Hope this helps, but its just I how i do it in our house

Some dogs will never get along and should be kept separated. My deceased bitch was one such dog. She would have killed the new dog no doubt. She was not right in the head. It took 16 months until pup grew up enough to hold his own and have enough OB. There wer scuffles, but they were all my fault, not the dogs. In the end they could walk together with me on leash and run together in a neutral area


----------



## Jeff Oehlsen (Apr 7, 2006)

So while your dog was being a gigantic dick head, what were you doing besides watching ?

I never really get these questions. Your dog is being a dick, what should I do, oh what should I do ??
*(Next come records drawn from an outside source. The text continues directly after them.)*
(* Let $n \ge 1$ and $1 \le m \le n$ be integers, and put $s_k = 8(n-k)$ and $M_k = 2^{k-1}(8n+16) - 16$ for $k \ge 1$. Consider Boolean variables $x_{(k,i)} \in \{0,1\}$ for $k \in \{1,\dots,m\}$ and $i \in \{1,2,3,4,5,6,A,B\}$ ($8m$ variables), and write an assignment as a bit string listing the variables in the order $(m,1),\dots,(m,6),(m,A),(m,B),(m-1,1),\dots,(m-1,B),\dots,(1,1),\dots,(1,B)$. For each $k$ define (writing $x_i$ for $x_{(k,i)}$) $$\begin{aligned} g_k(x) ={}& -(2M_k+13)x_1 - (M_k+5)x_2 - (M_k+3)x_3 - (M_k+s_k+7)x_4 - x_5 - (M_k+1)x_6 - (s_k+5)x_A - (s_k+3)x_B \\ &+ (M_k+6)x_1x_2 + (M_k+4)x_2x_3 + (M_k+2)x_3x_6 + (M_k+6)x_1x_4 + (M_k+4)x_4x_5 - (M_k+2)x_5x_6 \\ &+ (s_k+4)x_Ax_B - 2x_1x_B + (s_k+4)x_2x_B + (s_k+2)x_4x_A + (s_k+2)x_4x_B \\ &- (s_k+4)x_2x_Ax_B - (s_k+2)x_4x_Ax_B, \end{aligned}$$ and for $P \in \{0,1\}$ define the fitness function $$f^{P}(x) = \sum_{k=1}^{m} g_k(x) + \sum_{k=2}^{m} M_k\, x_{(k,6)}x_{(k-1,1)} + \sum_{k=1}^{m-1} s_k\, x_{(k,B)}x_{(k+1,A)} + 8n\, x_{(1,6)}x_{(1,A)} + P\,(2M_m+16)\,x_{(m,1)}.$$ Let $a = 0^{8m}$ and $b = 111110\,01\,0^{8(m-1)}$. Then: (1) in the fitness landscape of $f^{1}$ there is exactly one ascent starting from $a$, and it ends at the local peak $b$; (2) in the fitness landscape of $f^{0}$ there is exactly one ascent starting from $b$, and it ends at the local peak $a$. Both ascents have length $T_m = 10(2^m - 1)$.
   Context: Two assignments in $\{0,1\}^{8m}$ are adjacent if they differ in exactly one variable. For a fitness function $f$, an assignment $x^*$ is a local peak if $f(y) \le f(x^* )$ for every assignment $y$ adjacent to $x^*$. An ascent from $x^0$ is a sequence $x^0, x^1, \dots, x^T$ of assignments such that $x^{t}$ and $x^{t+1}$ are adjacent and $f(x^{t+1}) > f(x^t)$ for each $t$, and $x^T$ is a local peak; its length is $T$. The fitness landscape of $f$ is $f$ together with this adjacency structure. *)

From mathcomp Require Import all_boot all_order all_algebra.
Set Implicit Arguments. Unset Strict Implicit. Unset Printing Implicit Defensive.
Import Order.TTheory GRing.Theory Num.Theory.
Local Open Scope ring_scope.

(* Variables x_(k,i), k in {1..m}, i in {1,..,6,A,B}, encoded as
   (k-1, i-1) : 'I_m * 'I_8 with A = 7th, B = 8th position. *)
Definition asg (m : nat) := {ffun 'I_m * 'I_8 -> bool}.

Definition adjacent m (x y : asg m) : bool := #|[set v | x v != y v]| == 1%N.

Definition local_peak m (f : asg m -> int) (x : asg m) : Prop :=
  forall y, adjacent x y -> f y <= f x.

(* An ascent x^0, x^1, ..., x^T is represented by its start x0 and the list
   p = [:: x^1; ...; x^T]; its length is size p. *)
Definition ascent_step m (f : asg m -> int) (x y : asg m) : bool :=
  adjacent x y && (f x < f y).

Definition ascent m (f : asg m -> int) (x0 : asg m) (p : seq (asg m)) : Prop :=
  path (ascent_step f) x0 p /\ local_peak f (last x0 p).

(* Value of x_(k,i) as an integer, with k in 1..m and i in 1..8
   (i = 7 is A, i = 8 is B). Out-of-range indices give 0 (never used). *)
Definition X m (x : asg m) (k i : nat) : int :=
  match @insub nat (fun j => j < m)%N _ k.-1, @insub nat (fun j => j < 8)%N _ i.-1 with
  | Some k', Some i' => ((x (k', i') : nat) : int)
  | _, _ => 0
  end.

Definition iA := 7%N.
Definition iB := 8%N.

Definition sk (n k : nat) : int := 8 * (n%:Z - k%:Z).
Definition Mk (n k : nat) : int := (2 ^ k.-1)%:Z * (8 * n + 16)%:Z - 16.

Definition g (n m : nat) (k : nat) (x : asg m) : int :=
  let M := Mk n k in let s := sk n k in
  let x1 := X x k 1 in let x2 := X x k 2 in let x3 := X x k 3 in
  let x4 := X x k 4 in let x5 := X x k 5 in let x6 := X x k 6 in
  let xA := X x k iA in let xB := X x k iB in
    - (2 * M + 13) * x1 - (M + 5) * x2 - (M + 3) * x3 - (M + s + 7) * x4
    - x5 - (M + 1) * x6 - (s + 5) * xA - (s + 3) * xB
    + (M + 6) * x1 * x2 + (M + 4) * x2 * x3 + (M + 2) * x3 * x6
    + (M + 6) * x1 * x4 + (M + 4) * x4 * x5 - (M + 2) * x5 * x6
    + (s + 4) * xA * xB - 2 * x1 * xB + (s + 4) * x2 * xB
    + (s + 2) * x4 * xA + (s + 2) * x4 * xB
    - (s + 4) * x2 * xA * xB - (s + 2) * x4 * xA * xB.

Definition fit (n m : nat) (P : bool) (x : asg m) : int :=
  \sum_(1 <= k < m.+1) g n k x
  + \sum_(2 <= k < m.+1) Mk n k * X x k 6 * X x k.-1 1
  + \sum_(1 <= k < m) sk n k * X x k iB * X x k.+1 iA
  + (8 * n)%:Z * X x 1 6 * X x 1 iA
  + (P : nat)%:Z * (2 * Mk n m + 16) * X x m 1.

Definition asg_a (m : nat) : asg m := [ffun _ => false].

(* b = 111110 01 0^{8(m-1)}: in block k = m, x1..x5 = 1, x6 = 0, xA = 0, xB = 1;
   all other variables 0. *)
Definition asg_b (m : nat) : asg m :=
  [ffun v => (val v.1 == m.-1) && (val v.2 \in [:: 0; 1; 2; 3; 4; 7]%N)].

From mathcomp Require Import all_boot all_order all_algebra.
From mathcomp Require Import zify ring.
Set Implicit Arguments. Unset Strict Implicit. Unset Printing Implicit Defensive.
Import Order.TTheory GRing.Theory Num.Theory.
Local Open Scope ring_scope.

(* Flipping one variable of block k changes the fitness by a gain that
   depends only on the bits of block k, on x6 and xA of block k+1 (P instead
   of x6 for the top block) and on x1 and xB of block k-1, and that is affine
   in the weights M_k, s_k.  As s_k >= 0 and M_k >= s_k + 8, with equality
   for k = 1, the sign of each gain in the finitely many block states met
   along the ascent is settled by a computation on integers.

   The ascent is then forced block by block.  In its up-run a block flips
   x1 x2 x3 x6, which makes the block below perform its own up-run; then
   xA x4 x5 x6, which makes the block below run down again; and finally
   xA xB.  The down-run is the same with x2 x3 and x4 x5 exchanged.  While
   the block below runs, the waiting block has no improving flip whatever x1
   of that block, whose xB only changes at its very last move.  Induction on
   the blocks shows that exactly one flip improves at every state, and the
   lengths satisfy T_k = 2 T_(k-1) + 10. *)

Notation b2i b := (Posz (nat_of_bool b)).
How about you correct the dog for acting like a prick. There you go, problem solved.


----------



## Sarah Atlas (Dec 15, 2008)

I am the pack leader. my dogs are working dogs, everyday not just sport. I have no problem keeping them seperated. was just looking for suggestions as i have never had 2 intect males in the house. As far as the young one being a dick head...yes he is but i do not have him home and all things will change when he comes to live with me in two months.

so, suggestions or recommendations please


----------



## Jeff Oehlsen (Apr 7, 2006)

If he is jumping all over your other dogs, and they are not responding, then you should be alright when he comes home, you will get control.


----------